[Stored data entries]
====================

Definition preshuffle_algebra (K : fieldType) (A : nat -> lmodType K)
    (op : bullet A) :=
  bullet_bilinear op /\ preshuffle_axiom op.

Definition grafting_algebra (K : fieldType) (A : nat -> lmodType K)
    (op : bullet A) :=
  preshuffle_algebra op /\ grafting_axiom op.

Definition is_linear (K : fieldType) (U V : lmodType K) (f : U -> V) :=
  forall (a : K) (u v : U), f (a *: u + v) = a *: f u + f v.

Section Trees.
(* X : positively graded set; X k is the set of colours for vertices
   with k+1 incoming edges.  X 0 is never used. *)
Variable X : nat -> choiceType.

Definition colour := {k : nat & X k}.

(* Leaf = the trivial tree (a single edge);
   Node c ch = a root vertex coloured by c, whose incoming edges carry
   the subtrees ch, listed from left to right. *)
Inductive tree : Type :=
  | Leaf : tree
  | Node : colour -> seq tree -> tree.

Fixpoint leaves (t : tree) : nat :=
  match t with
  | Leaf => 1
  | Node _ ch => sumn (map leaves ch)
  end.

Fixpoint wf (t : tree) : bool :=
  match t with
  | Leaf => true
  | Node c ch => (0 < tag c)%N && (size ch == (tag c).+1) && all wf ch
  end.

Definition isnode (t : tree) : bool :=
  if t is Node _ _ then true else false.

(* t is a planar rooted X-coloured tree with n+1 leaves (degree n);
   the trivial tree is excluded, so T_0 is empty *)
Definition inT (n : nat) (t : tree) : bool :=
  [&& wf t, isnode t & leaves t == n.+1].

(* t \circ_i w : graft the root of t onto the i-th leaf of w
   (leaves numbered from 0, left to right) *)
Fixpoint graft (t : tree) (i : nat) (w : tree) : tree :=
  match w with
  | Leaf => if i == 0%N then t else Leaf
  | Node c ch =>
      Node c ((fix gl (i : nat) (s : seq tree) : seq tree :=
                 match s with
                 | [::] => [::]
                 | u :: s' => if (i < leaves u)%N then graft t i u :: s'
                              else u :: gl (i - leaves u)%N s'
                 end) i ch)
  end.

Definition corolla (n : nat) (x : X n) : tree :=
  Node (Tagged X x) (nseq n.+1 Leaf).

Fixpoint binary (t : tree) : bool :=
  match t with
  | Leaf => true
  | Node _ ch => (size ch == 2) && all binary ch
  end.

Fixpoint enc (t : tree) : GenTree.tree (option colour) :=
  match t with
  | Leaf => GenTree.Leaf None
  | Node c ch => GenTree.Node 0 (GenTree.Leaf (Some c) :: map enc ch)
  end.

Fixpoint dec (g : GenTree.tree (option colour)) : option tree :=
  match g with
  | GenTree.Leaf None => Some Leaf
  | GenTree.Node _ (GenTree.Leaf (Some c) :: gs) => Some (Node c (pmap dec gs))
  | _ => None
  end.

Fixpoint encK (t : tree) : dec (enc t) = Some t :=
  match t return dec (enc t) = Some t with
  | Leaf => erefl
  | Node c ch =>
      f_equal (fun s => Some (Node c s))
        ((fix F (s : seq tree) : pmap dec (map enc s) = s :=
            match s return pmap dec (map enc s) = s with
            | [::] => erefl
            | u :: s' =>
                @eq_ind_r _ (Some u)
                  (fun o => match o with Some y => y :: pmap dec (map enc s')
                                       | None => pmap dec (map enc s') end
                            = u :: s')
                  (f_equal (cons u) (F s')) (dec (enc u)) (encK u)
            end) ch)
  end.

HB.instance Definition _ := Choice.copy tree (pcan_type encK).

Definition T (n : nat) := {t : tree | inT n t}.

End Trees.

Arguments Leaf {X}.

Section FreeGrafting.
Variables (K : fieldType) (X : nat -> choiceType).

Definition KT (n : nat) : lmodType K := {freeg (T X n) / K}.

Definition basis (n : nat) (t : T X n) : KT n := Freeg [:: ((1 : K), t)].

Definition tvec (n : nat) (t : tree X) : KT n :=
  match @insub _ _ (T X n) t with
  | Some s => basis s
  | None => 0
  end.

Definition graftKT : bullet KT :=
  fun n m i (x : KT n) (y : KT m) =>
    fglift (fun t : T X n =>
              fglift (fun w : T X m => tvec (n + m) (graft (val t) i (val w))) y) x.

End FreeGrafting.

Definition Xone (k : nat) : choiceType :=
  if k == 1%N then (unit : choiceType) else (void : choiceType).

Arguments KT K X n : clear implicits.
Arguments basis {K X n} t.
Arguments tvec K {X} n t.
Arguments graftKT K X : clear implicits.
Arguments corolla {X n} x.

(* Grafting of trees satisfies the preshuffle identity and, for two distinct
   leaves, the grafting identity; both extend bilinearly to K[T_{oo,X}].
   Freeness: a tree whose root has colour c and subtrees s_0, ..., s_k equals
   s_0 \circ_0 (s_1 \circ_1 (... (s_k \circ_k (c_k, c)))), trivial subtrees
   being skipped, so a morphism is determined by its values on corollas.
   Conversely, evaluating this expression in A gives a morphism: grafting t
   into a leaf of some s_l is the preshuffle axiom, and grafting it into a leaf
   to the right of s_l needs the grafting axiom to move t past s_l.  With one
   generator of degree 1 every vertex has two incoming edges. *)

From HB Require Import structures.
From mathcomp Require Import all_boot all_algebra zify.
From mathcomp.multinomials Require Import freeg.
Import GRing.Theory.

Set Implicit Arguments.
Unset Strict Implicit.
Unset Printing Implicit Defensive.

Section PlanarTrees.
Variable X : nat -> choiceType.
Implicit Types (s t u w : tree X) (ch vs : seq (tree X)) (c : colour X).

Fixpoint tree_nested_ind (P : tree X -> Prop) (PLeaf : P Leaf)
    (PNode : forall c ch, foldr (fun s acc => P s /\ acc) True ch -> P (Node c ch))
    t : P t :=
  match t with
  | Leaf => PLeaf
  | Node c ch => PNode c ch
      ((fix all_P ch : foldr (fun s acc => P s /\ acc) True ch :=
          match ch return foldr (fun s acc => P s /\ acc) True ch with
          | [::] => I
          | s :: ch' => conj (tree_nested_ind PLeaf PNode s) (all_P ch')
          end) ch)
  end.

(* [t] is a section variable so that [graft_forest t] is convertible with the
   local fixpoint in the definition of [graft]. *)
Section GraftForest.
Variable t : tree X.

Fixpoint graft_forest i ch : seq (tree X) :=
  if ch is u :: ch' then
    if i < leaves u then graft t i u :: ch'
    else u :: graft_forest (i - leaves u) ch'
  else [::].

End GraftForest.

Lemma graft_forest_cons t i s ch :
  graft_forest t i (s :: ch) = if i < leaves s then graft t i s :: ch
                               else s :: graft_forest t (i - leaves s) ch.
Proof. by []. Qed.

Lemma graft_Node t i c ch : graft t i (Node c ch) = Node c (graft_forest t i ch).
Proof. reflexivity. Qed.

Lemma wf_Node c ch :
  wf (Node c ch) = (0 < tag c) && (size ch == (tag c).+1) && all (@wf X) ch.
Proof. by []. Qed.

Lemma size_graft_forest t i ch : size (graft_forest t i ch) = size ch.
Proof. by elim: ch i => //= u ch IH i; case: ifP => //= _; rewrite IH. Qed.

Lemma leaves_gt0 t : wf t -> 0 < leaves t.
Proof.
elim/tree_nested_ind: t => [|c ch IH] //= /andP[/andP[_ /eqP sz] wch].
case: ch sz IH wch => [|s ch] //= _ [IHs _] /andP[ws _].
by rewrite addn_gt0 IHs.
Qed.

Lemma leaves_graft t i w : i < leaves w ->
  leaves (graft t i w) = leaves t + leaves w - 1.
Proof.
elim/tree_nested_ind: w i => [|c ch IH] i /=; first by case: i => // _; rewrite addnK.
elim: ch IH i => [|s ch IHch] //= [IHs IH] i lt_i.
by case: ifP => lt_is /=; [rewrite IHs // | rewrite IHch //]; lia.
Qed.

Lemma wf_graft t i w : wf t -> wf w -> wf (graft t i w).
Proof.
move=> wt; elim/tree_nested_ind: w i => [|c ch IH] i /=; first by case: (i == 0).
rewrite size_graft_forest => /andP[-> wch] /=.
elim: ch IH i wch => [|s ch IHch] //= [IHs IH] i /andP[ws wch].
by case: ifP => _ /=; rewrite ?IHs ?ws ?IHch.
Qed.

Lemma graftA t u w i j : i < leaves u -> j < leaves w ->
  graft (graft t i u) j w = graft t (i + j) (graft u j w).
Proof.
move=> lt_i; elim/tree_nested_ind: w j => [|c ch IH] j.
  by case: j => //= _; rewrite addn0.
rewrite !graft_Node /= => lt_j; congr Node.
elim: ch IH j lt_j => [|s ch IHch] //= [IHs IH] j lt_j.
case: ifP => lt_js /=.
  by rewrite leaves_graft // ifT ?IHs //; lia.
rewrite ifF; last by lia.
by rewrite (IHch IH); [congr (_ :: graft_forest _ _ _) | ]; lia.
Qed.

Lemma graftC t u w i j : 0 < leaves t -> i < j -> j < leaves w ->
  graft t i (graft u j w) = graft u (j + leaves t - 1) (graft t i w).
Proof.
move=> lt_t; elim/tree_nested_ind: w i j => [|c ch IH] i j.
  by case: j => //; case: i.
rewrite !graft_Node /= => lt_ij lt_j; congr Node.
elim: ch IH i j lt_ij lt_j => [|s ch IHch] //= [IHs IH] i j lt_ij lt_j.
case: (ltnP j (leaves s)) => lt_js /=.
  rewrite leaves_graft // ifT; last by lia.
  rewrite ifT /=; last by lia.
  by rewrite leaves_graft ?ifT ?IHs //; lia.
case: (ltnP i (leaves s)) => lt_is /=.
  by rewrite leaves_graft // ifF; [congr (_ :: graft_forest _ _ _) |]; lia.
rewrite ifF; last by lia.
by rewrite (IHch IH); [congr (_ :: graft_forest _ _ _) | |]; lia.
Qed.

Lemma inT_leaves n t : inT n t -> leaves t = n.+1.
Proof. by case/and3P=> _ _ /eqP. Qed.

Lemma inT_predn_leaves t : wf t -> isnode t -> inT (leaves t).-1 t.
Proof. by move=> wt nt; rewrite /inT wt nt prednK ?eqxx ?leaves_gt0. Qed.

Lemma inT_graft n m i t w : inT n t -> inT m w -> i <= m ->
  inT (n + m) (graft t i w).
Proof.
case/and3P=> wt nt /eqP lt /and3P[ww nw /eqP lw] le_im.
rewrite /inT wf_graft // leaves_graft ?lt ?lw; last by lia.
have -> : isnode (graft t i w) by case: w nw {ww lw}.
by apply/eqP; lia.
Qed.

Lemma leaves_ncons j vs :
  sumn (map (@leaves X) (ncons j Leaf vs)) = j + sumn (map (@leaves X) vs).
Proof. by elim: j => //= j ->. Qed.

Lemma graft_forest_ncons s j vs :
  graft_forest s j (ncons j.+1 Leaf vs) = ncons j Leaf (s :: vs).
Proof. by elim: j => //= j <-; rewrite subn1. Qed.

Lemma Node_ncons_graft c j s vs :
  Node c (ncons j Leaf (s :: vs)) = graft s j (Node c (ncons j.+1 Leaf vs)).
Proof. by rewrite graft_Node graft_forest_ncons. Qed.

Lemma inT_Node_ncons_graft c j s vs d : isnode s ->
  inT d (Node c (ncons j Leaf (s :: vs))) ->
  let r := Node c (ncons j.+1 Leaf vs) in
  [/\ inT (leaves s).-1 s, inT (leaves r).-1 r, j <= (leaves r).-1
    & d = (leaves s).-1 + (leaves r).-1].
Proof.
move=> ns /and3P[/andP[/andP[c_gt0 /eqP sz] wch] _ /eqP lv] r.
move: wch; rewrite -cat_nseq all_cat => /andP[_ /andP[ws wvs]].
have {}wvs : all (@wf X) vs := wvs.
have ls_gt0 := leaves_gt0 ws.
have lr : leaves r = j.+1 + sumn (map (@leaves X) vs) by rewrite /= leaves_ncons.
have {}lv : j + (leaves s + sumn (map (@leaves X) vs)) = d.+1.
  by rewrite -lv /= leaves_ncons.
split; [exact: inT_predn_leaves | | rewrite lr; lia..].
apply: inT_predn_leaves => //; rewrite wf_Node c_gt0 size_ncons -sz size_ncons addSnnS eqxx.
by rewrite -cat_nseq all_cat all_nseq orbT wvs.
Qed.

Lemma inT_Node_nseq c j d : inT d (Node c (nseq j Leaf)) ->
  exists2 x : X d, 0 < d & Node c (nseq j Leaf) = corolla x.
Proof.
case: c => k x /and3P[/andP[/andP[/= k_gt0 /eqP sz] _] _ /eqP].
rewrite /= /nseq leaves_ncons addn0 => jd; move: sz; rewrite size_ncons addn0 => jk.
have ->: d = k by move: jd jk => -> [].
by exists x; rewrite // /corolla -jk jd.
Qed.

====================

** Assignment **
Your answer must be the lines above from the one containing "fglift (fun w" to the one containing "(* Grafting of", both included, restated word for word.

** Solution **
              fglift (fun w : T X m => tvec (n + m) (graft (val t) i (val w))) y) x.

End FreeGrafting.

Definition Xone (k : nat) : choiceType :=
  if k == 1%N then (unit : choiceType) else (void : choiceType).

Arguments KT K X n : clear implicits.
Arguments basis {K X n} t.
Arguments tvec K {X} n t.
Arguments graftKT K X : clear implicits.
Arguments corolla {X n} x.

(* Grafting of trees satisfies the preshuffle identity and, for two distinct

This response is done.